Pace’s images of rural West Africa have been exhibited internationally and have been featured in The New Yorker, The Financial Times of London, National Geographic, NPR’s The Picture Show, Slate Magazine, The Huffington Post, Wired, Verve, Feature Shoot, PDN and Lensculture among others. A monograph of his project Sur La Route was published by Blue Sky Books in the fall of 2014, and an exhibition catalog was published in 2016 by the Center for Photographic Art in Carmel, CA.  His collaboration with Stephen Wirtz, Images In Transition, was published in 2019 by Schilt Publishing of Amsterdam. His work is in the collections of the San Jose Museum of Art; the Portland Museum in Portland, OR; the Crocker Museum in Sacramento, CA; the Triton Museum in Santa Clara, CA; the de Saisset Museum at Santa Clara University; the Microsoft Collection and Museum Villa Haiss in Zell, Germany. Pace received the 2011 Work-In-Process Prize from the Center for Documentary Studies at Duke University and was a finalist for the 2015 Gardner Fellowship in Photography at Harvard University. He is represented by the Schilt Gallery of Amsterdam.

Pace has been a member of the Board of Directors of the San Jose Institute of Contemporary Art for 24 years. He is currently the chair of the Curatorial Committee. He is a member of the Acquisition Committee of the San Jose Museum of Art, and the Photography Advisory Board of Foothill College. He previously served as President of the Board of Directors of San Francisco Camerawork.

Stephen Wirtz is a collector of photographs and a former art gallerist. With Connie Wirtz he co-founded the Wirtz Gallery in San Francisco, exhibiting national and international painting, sculpture, and photography for forty years.
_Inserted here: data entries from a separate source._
(* For any composition $\beta$ of an even positive integer, \[\sum_{\substack{\alpha\le\beta\\ a_1,a_k\ \text{odd}}}(-1)^{k_e(\alpha)}\,2^{k_o(\beta)-k_o(\alpha)+1}\,C\bigl(k_o(\alpha)/2-1\bigr)=2^{k_o(\beta)}-\binom{k_o(\beta)}{k_o(\beta)/2},\] where the sum is over those compositions $\alpha=(a_1,\ldots,a_k)$ whose first and last parts are odd and which are refined by $\beta$.
   Context: A composition is a finite sequence of positive integers; $k_e(\alpha)$, $k_o(\alpha)$ are its numbers of even and odd parts. $\alpha\le\beta$ means $\beta$ refines $\alpha$ (obtained from $\alpha$ by splitting parts), including $\alpha=\beta$. $C(j)=\frac{1}{j+1}\binom{2j}{j}$ is the Catalan number. *)

From mathcomp Require Import all_boot all_order all_algebra.
Set Implicit Arguments. Unset Strict Implicit. Unset Printing Implicit Defensive.

Definition is_composition (a : seq nat) : bool := all (fun x => 0 < x) a.

Definition k_e (a : seq nat) : nat := count (fun x => ~~ odd x) a.
Definition k_o (a : seq nat) : nat := count odd a.

(* refines a b : b refines a (a <= b), i.e. b is obtained from a by splitting
   parts: b is cut into consecutive nonempty blocks whose sums are the parts
   of a (in order). *)
Fixpoint refines (a b : seq nat) : bool :=
  match a with
  | [::] => b == [::]
  | x :: a' => has (fun j => (sumn (take j b) == x) && refines a' (drop j b))
                   (iota 1 (size b))
  end.

Fixpoint comps_aux (fuel n : nat) : seq (seq nat) :=
  match fuel with
  | 0 => if n == 0 then [:: [::]] else [::]
  | fuel'.+1 =>
      if n == 0 then [:: [::]]
      else flatten [seq map (cons k) (comps_aux fuel' (n - k)) | k <- iota 1 n]
  end.
Definition compositions (n : nat) : seq (seq nat) := comps_aux n n.

Definition catalan (j : nat) : nat := 'C(j.*2, j) %/ j.+1.

From mathcomp Require Import all_boot all_order all_algebra.
From mathcomp Require Import zify.
Import GRing.Theory Num.Theory.
Set Implicit Arguments. Unset Strict Implicit. Unset Printing Implicit Defensive.

(* Split the coarsenings alpha of beta = (b, c, ...) according to whether b
   stays a part of alpha or is merged into the next part; the latter are
   exactly the coarsenings of (b + c, ...).  Comparing the two families gives,
   by induction, that the sum of (-1)^(k_e alpha) f(k_o alpha) over the
   coarsenings with odd last part is f(k_o beta) if b is odd and 0 otherwise.
   Requiring also an odd first part, the sum collapses to
   sum_(i < n/2) f(n - 2i) with n = k_o beta = 2m, which for the weight of the
   corollary is sum_(i < m) 2^(2i+1) C(m-i-1).  This equals 4^m - binom(2m, m),
   as both satisfy the recursion coming from
   binom(2m+2, m+1) = 4 binom(2m, m) - 2 C(m). *)

Definition merge_first (b : nat) (a : seq nat) : seq nat :=
  if a is a0 :: a' then (b + a0) :: a' else [:: b].

Fixpoint coarsenings (s : seq nat) : seq (seq nat) :=
  match s with
  | [::] => [:: [::]]
  | b :: r =>
      if r is [::] then [:: [:: b]]
      else map (cons b) (coarsenings r) ++ map (merge_first b) (coarsenings r)
  end.

Lemma coarsenings_cons2 b c r : coarsenings [:: b, c & r] =
  map (cons b) (coarsenings (c :: r)) ++ map (merge_first b) (coarsenings (c :: r)).
Proof. by []. Qed.

Lemma map_merge_first_coarsenings b c r :
  map (merge_first b) (coarsenings (c :: r)) = coarsenings ((b + c) :: r).
Proof.
case: r => [|d r] //; rewrite !coarsenings_cons2 map_cat -!map_comp.
by congr (_ ++ _); apply: eq_map => -[|a0 a'] //=; rewrite addnA.
Qed.

Lemma coarsening_of_cons b r a :
  a \in coarsenings (b :: r) -> exists a0 a', a = a0 :: a'.
Proof.
case: r => [|c r]; first by rewrite inE => /eqP ->; eauto.
rewrite coarsenings_cons2 mem_cat => /orP[] /mapP[[|x0 x'] _ ->] /=; eauto.
Qed.

Lemma sumn_coarsening s a : a \in coarsenings s -> sumn a = sumn s.
Proof.
elim: s a => [|b [|c r] IH] a; try by rewrite inE => /eqP ->.
rewrite coarsenings_cons2 mem_cat => /orP[] /mapP[x x_in ->] /=.
  by rewrite (IH _ x_in).
have [x0 [x' Ex]] := coarsening_of_cons x_in.
by move: (IH _ x_in); rewrite Ex /= => <-; rewrite addnA.
Qed.

Lemma is_composition_cons x s :
  is_composition (x :: s) = (0 < x) && is_composition s.
Proof. by []. Qed.

Lemma coarsening_composition s a :
  is_composition s -> a \in coarsenings s -> is_composition a.
Proof.
elim: s a => [|b [|c r] IH] a; try by move=> ? /[!inE] /eqP ->.
rewrite is_composition_cons => /andP[b_gt0 comp_r]; rewrite coarsenings_cons2 mem_cat.
case/orP=> /mapP[x x_in ->] /=; first by rewrite b_gt0 (IH _ comp_r x_in).
have [x0 [x' Ex]] := coarsening_of_cons x_in.
by move: (IH _ comp_r x_in); rewrite Ex /= => /andP[_ ->]; rewrite addn_gt0 b_gt0.
Qed.

Lemma uniq_coarsenings s : is_composition s -> uniq (coarsenings s).
Proof.
elim: s => [|b [|c r] IH] //; rewrite is_composition_cons => /andP[b_gt0 comp_r].
rewrite coarsenings_cons2 cat_uniq; apply/and3P; split.
- by rewrite map_inj_uniq ?IH // => x y [].
- apply/hasPn => _ /mapP[x x_in ->]; apply/negP => /mapP[y _].
  have [x0 [x' Ex]] := coarsening_of_cons x_in.
  have := coarsening_composition comp_r x_in; rewrite Ex /= => /andP[x0_gt0 _].
  by case=> b_eq _; lia.
- rewrite map_inj_in_uniq ?IH // => x y x_in y_in.
  have [x0 [x' ->]] := coarsening_of_cons x_in.
  by have [y0 [y' ->]] := coarsening_of_cons y_in; case=> /addnI -> ->.
Qed.

Lemma refines_cons x a s : refines (x :: a) s =
  has (fun j => (sumn (take j s) == x) && refines a (drop j s)) (iota 1 (size s)).
Proof. by []. Qed.

Lemma coarsening_refines s a : a \in coarsenings s -> refines a s.
Proof.
elim: s a => [|b r IH] a; first by rewrite inE => /eqP ->.
case: r IH => [|c r] IH; first by rewrite inE => /eqP ->; rewrite /= addn0 eqxx.
rewrite coarsenings_cons2 mem_cat => /orP[] /mapP[x x_in ->].
  rewrite refines_cons; apply/hasP; exists 1; first by rewrite mem_iota.
  by rewrite /= addn0 eqxx IH.
have [x0 [x' Ex]] := coarsening_of_cons x_in.
move: (IH _ x_in); rewrite Ex refines_cons => /hasP[j].
rewrite mem_iota => /andP[_ j_le] /andP[sum_j ref_j].
rewrite refines_cons; apply/hasP; exists j.+1.
  by rewrite mem_iota /= ltnS (leq_trans j_le).
by rewrite /= (eqP sum_j) eqxx.
Qed.

Lemma refines_coarsening s a : refines a s -> a \in coarsenings s.
Proof.
elim: s a => [|b r IH] [|x a] //.
rewrite refines_cons => /hasP[[|[|j]]]; rewrite mem_iota //.
  rewrite [take _ _]/= [drop _ _]/= take0 drop0 [sumn _]/= addn0.
  move=> _ /andP[/eqP <- /IH].
  case: r {IH} => [|c r]; first by rewrite !inE => /eqP ->.
  by move=> a_in; rewrite coarsenings_cons2 mem_cat map_f.
case: r IH => [|c r] IH //; rewrite [take _ _]/= [drop _ _]/=.
move=> j_le /andP[/eqP <- ref_j].
have /IH first_block : refines (sumn (take j.+1 (c :: r)) :: a) (c :: r).
  rewrite refines_cons; apply/hasP; exists j.+1; last by rewrite eqxx.
  by rewrite mem_iota /= ltnS -ltnS.
by rewrite coarsenings_cons2 mem_cat (map_f _ first_block) orbT.
Qed.

Lemma mem_coarsenings s a : (a \in coarsenings s) = refines a s.
Proof. by apply/idP/idP => [/coarsening_refines | /refines_coarsening]. Qed.

Lemma uniq_comps_aux fuel n : uniq (comps_aux fuel n).
Proof.
elim: fuel n => [|fuel IH] n /=; first by case: (n == 0).
case: (n == 0) => //; apply: allpairs_uniq_dep => //; first exact: iota_uniq.
by move=> [k a] [l b] _ _ [-> ->].
Qed.

Lemma mem_comps_aux fuel a :
  is_composition a -> sumn a <= fuel -> a \in comps_aux fuel (sumn a).
Proof.
elim: fuel a => [|fuel IH] [|x a]; rewrite ?is_composition_cons //=; try by rewrite inE.
  by move=> /andP[x_gt0 _]; lia.
move=> /andP[x_gt0 comp_a] sum_le.
have -> : (x + sumn a == 0) = false by lia.
apply/allpairsPdep; exists x, a; split=> //; first by rewrite mem_iota; lia.
by rewrite addKn IH //; lia.
Qed.

Lemma perm_refines_coarsenings beta : is_composition beta ->
  perm_eq [seq a <- compositions (sumn beta) | refines a beta] (coarsenings beta).
Proof.
move=> comp_beta; apply: uniq_perm.
- by rewrite filter_uniq // uniq_comps_aux.
- exact: uniq_coarsenings.
move=> a; rewrite mem_filter mem_coarsenings andb_idr // => /refines_coarsening a_in.
rewrite /compositions -(sumn_coarsening a_in) mem_comps_aux //.
exact: coarsening_composition comp_beta a_in.
Qed.

Section SignedSums.

Local Open Scope ring_scope.

Variable R : ringType.

Lemma sum_coarsenings_odd_last s (f : nat -> R) :
  \sum_(a <- coarsenings s | odd (last 0%N a)) (-1) ^+ k_e a * f (k_o a)
  = if odd (head 0%N s) then f (k_o s) else 0.
Proof.
case: s => [|b r]; first by rewrite big_cons big_nil addr0.
elim: r b f => [|c r IH] b f.
  rewrite big_cons big_nil addr0 /k_e /k_o /=.
  by case: (odd b) => //=; rewrite mul1r.
rewrite coarsenings_cons2 map_merge_first_coarsenings big_cat big_map IH.
have -> : \sum_(a <- coarsenings (c :: r) | odd (last 0%N (b :: a)))
      (-1) ^+ k_e (b :: a) * f (k_o (b :: a))
    = (-1) ^+ (~~ odd b) * \sum_(a <- coarsenings (c :: r) | odd (last 0%N a))
      (-1) ^+ k_e a * f (odd b + k_o a)%N.
  rewrite mulr_sumr big_seq_cond [RHS]big_seq_cond.
  apply: eq_big => [a | a /andP[a_in _]].
    by case: (boolP (a \in _)) => // /coarsening_of_cons[a0 [a' ->]].
  by have [a0 [a' ->]] := coarsening_of_cons a_in; rewrite /k_e /k_o exprD mulrA.
rewrite (IH c (fun n => f (odd b + n)%N)) /k_o /= oddD.
by case: (odd b); case: (odd c) => /=;
  rewrite ?mulr0 ?expr0 ?expr1 ?mul1r ?mulN1r ?addr0 ?add0r ?addNr.
Qed.

Lemma sum_coarsenings_odd_ends s (f : nat -> R) :
  \sum_(a <- coarsenings s | odd (head 0%N a) && odd (last 0%N a))
     (-1) ^+ k_e a * f (k_o a)
  = \sum_(i < uphalf (k_o s)) f (k_o s - i.*2)%N.
Proof.
case: s => [|b r]; first by rewrite big_cons big_nil addr0 big_ord0.
elim: r b f => [|c r IH] b f.
  rewrite big_cons big_nil addr0 /k_e /k_o /=; case: (odd b); last by rewrite big_ord0.
  by rewrite big_ord1 expr0 mul1r.
rewrite coarsenings_cons2 map_merge_first_coarsenings big_cat big_map IH.
have -> : \sum_(a <- coarsenings (c :: r) |
                odd (head 0%N (b :: a)) && odd (last 0%N (b :: a)))
      (-1) ^+ k_e (b :: a) * f (k_o (b :: a))
    = if odd b then \sum_(a <- coarsenings (c :: r) | odd (last 0%N a))
      (-1) ^+ k_e a * f (1 + k_o a)%N else 0.
  case: (boolP (odd b)) => [odd_b | even_b]; last first.
    by rewrite big_pred0 // => a /=; rewrite (negbTE even_b).
  rewrite big_seq_cond [RHS]big_seq_cond; apply: eq_big => [a | a /andP[a_in _]].
    by case: (boolP (a \in _)) => // /coarsening_of_cons[a0 [a' ->]].
  by have [a0 [a' ->]] := coarsening_of_cons a_in; rewrite /k_e /k_o /= odd_b.
rewrite (sum_coarsenings_odd_last (c :: r) (fun n => f (1 + n)%N)) /k_o /= oddD.
case: (odd b); case: (odd c); rewrite /= ?add0r ?addr0 ?add0n //.
by rewrite big_ord_recl subn0 addrC.
Qed.

End SignedSums.

Lemma mul_bin_double_succ m : m.+1 * 'C(m.*2, m.+1) = m * 'C(m.*2, m).
Proof. by rewrite mul_bin_left -addnn addnK. Qed.

Lemma catalan_binomial m : catalan m = 'C(m.*2, m) - 'C(m.*2, m.+1).
Proof.
have central : 'C(m.*2, m) = m.+1 * ('C(m.*2, m) - 'C(m.*2, m.+1)).
  by rewrite mulnBr mul_bin_double_succ -mulnBl subSnn mul1n.
by rewrite /catalan {1}central mulKn.
Qed.

Lemma bin_double_succ m :
  'C(m.+1.*2, m.+1) = ('C(m.*2, m) + 'C(m.*2, m.+1)).*2.
Proof.
have sym : 'C(m.*2.+1, m) = 'C(m.*2.+1, m.+1).
  by rewrite -[in LHS]bin_sub; [congr 'C(_, _) | ]; lia.
by rewrite doubleS binS sym binS; lia.
Qed.

Lemma bin_double_succ_catalan m :
  'C(m.+1.*2, m.+1) + (catalan m).*2 = 4 * 'C(m.*2, m).
Proof.
have bin_le : 'C(m.*2, m.+1) <= 'C(m.*2, m).
  by rewrite -(leq_pmul2l (ltn0Sn m)) mul_bin_double_succ leq_mul2r leqnSn orbT.
rewrite bin_double_succ catalan_binomial; lia.
Qed.

Lemma sum_pow2_catalan m :
  \sum_(i < m) 2 ^ i.*2.+1 * catalan (m - i - 1) + 'C(m.*2, m) = 2 ^ m.*2.
Proof.
have pow4 n : 2 ^ n.+1.*2 = 4 * 2 ^ n.*2 by rewrite doubleS 2!expnS mulnA.
elim: m => [|m IH]; first by rewrite big_ord0 bin0.
rewrite big_ord_recl subn0 subSS subn0.
under eq_bigr do rewrite lift0 subSS expnS pow4 mulnCA -expnS -mulnA.
rewrite -big_distrr pow4 -IH /=.
have := bin_double_succ_catalan m; lia.
Qed.

Lemma odd_sumn s : odd (sumn s) = odd (k_o s).
Proof. by elim: s => //= x s IH; rewrite oddD IH /k_o /=; case: (odd x). Qed.

Local Open Scope ring_scope.

Theorem corollary8p6 (beta : seq nat) :
  is_composition beta -> (0 < sumn beta)%N -> ~~ odd (sumn beta) ->
  \sum_(alpha <- compositions (sumn beta) |
          refines alpha beta && odd (head 0%N alpha) && odd (last 0%N alpha))
     ((-1) ^+ k_e alpha * (2 ^+ (k_o beta - k_o alpha + 1)%N)
        * (catalan ((k_o alpha)./2 - 1)%N)%:R : int)
  = (2 ^+ k_o beta - ('C(k_o beta, (k_o beta)./2))%:R : int).
Proof.
move=> comp_beta _ even_sum.
have [m k_o_beta] : exists m, k_o beta = m.*2.
  by exists (k_o beta)./2; rewrite -[LHS]odd_double_half -odd_sumn (negbTE even_sum).
under eq_bigl do rewrite -andbA.
rewrite -big_filter_cond (perm_big _ (perm_refines_coarsenings comp_beta)) /=.
under eq_bigr do rewrite -mulrA.
rewrite (sum_coarsenings_odd_ends _
  (fun j => 2 ^+ (k_o beta - j + 1) * (catalan (j./2 - 1))%:R)) /=.
rewrite k_o_beta uphalf_double doubleK.
have /(congr1 (fun k : nat => k%:R : int)) := sum_pow2_catalan m.
rewrite natrD natr_sum natrX => <-; rewrite addrK.
apply: eq_bigr => i _; have i_lt := ltn_ord i.
rewrite natrM natrX -doubleB doubleK; congr (2 ^+ _ * _); lia.
Qed.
*Over the past few weeks beloved photographer, David Pace passed away.  He will always be in our hearts and his photographs will be on our minds. For more information see our tribute to Dave Pace on our blog.

Statement
The Wirephoto project is a collaboration between photographer David Pace and gallerist/collector Stephen Wirtz. Wirephoto re-interprets historical images from World War II that were transmitted by radio wave for subsequent publication in newspapers. The photographers are unknown and no known negatives survive. Pace and Wirtz begin with rare original prints, which they examine and radically re-crop to create new compositions. The selected details are then scanned, digitally enhanced and enlarged to make 16”x20” prints. The new scale magnifies the inherent imperfections and artifacts of the original transmission process and reveals the extensive retouching that was done to the prints both before and after transmission. Cracks in the emulsion bear witness to the age of the transmissions and add a layer of history. The alterations to the original images force us to consider the notion of truth in journalism and documentary photography as well as the role of propaganda in war photography.

View David Pace’s Website.

William Betcher War Games is in the Griffin Gallery.

Bio
William Betcher’s photographs have been exhibited in juried shows at Danforth Art, including the New England Photography Biennial, and at the Catamount Arts Center. His work has been featured in shows at the University of New England, the Mass Audubon Habitat Center, the Heart of Biddeford Gallery, Massachusetts General Hospital, and in the Norris Cotton Cancer Center at the Dartmouth Hitchcock Hospital, as well as in Solstice Magazine. His book, Anthem, For a Warm Little Pond, was included in Photobook 2016 at the Griffin Museum. He is the author of four other non-fiction books. He received a Ph.D. in Clinical Psychology from Boston University, an M.D. from Harvard Medical School, and an MFA in fiction writing from the Vermont Center of Fine Arts. Currently, he is the photography editor for Solstice, a Magazine of Diverse Voices, and he is a psychiatrist in private practice in Needham, MA.

Statement

War Games is composed of macro photographs of as found, damaged, vintage toy soldiers from the 1930’s through 1960’s. Why were these broken toys not thrown away? Because they were important to the children who played with them, and because they have stories to tell.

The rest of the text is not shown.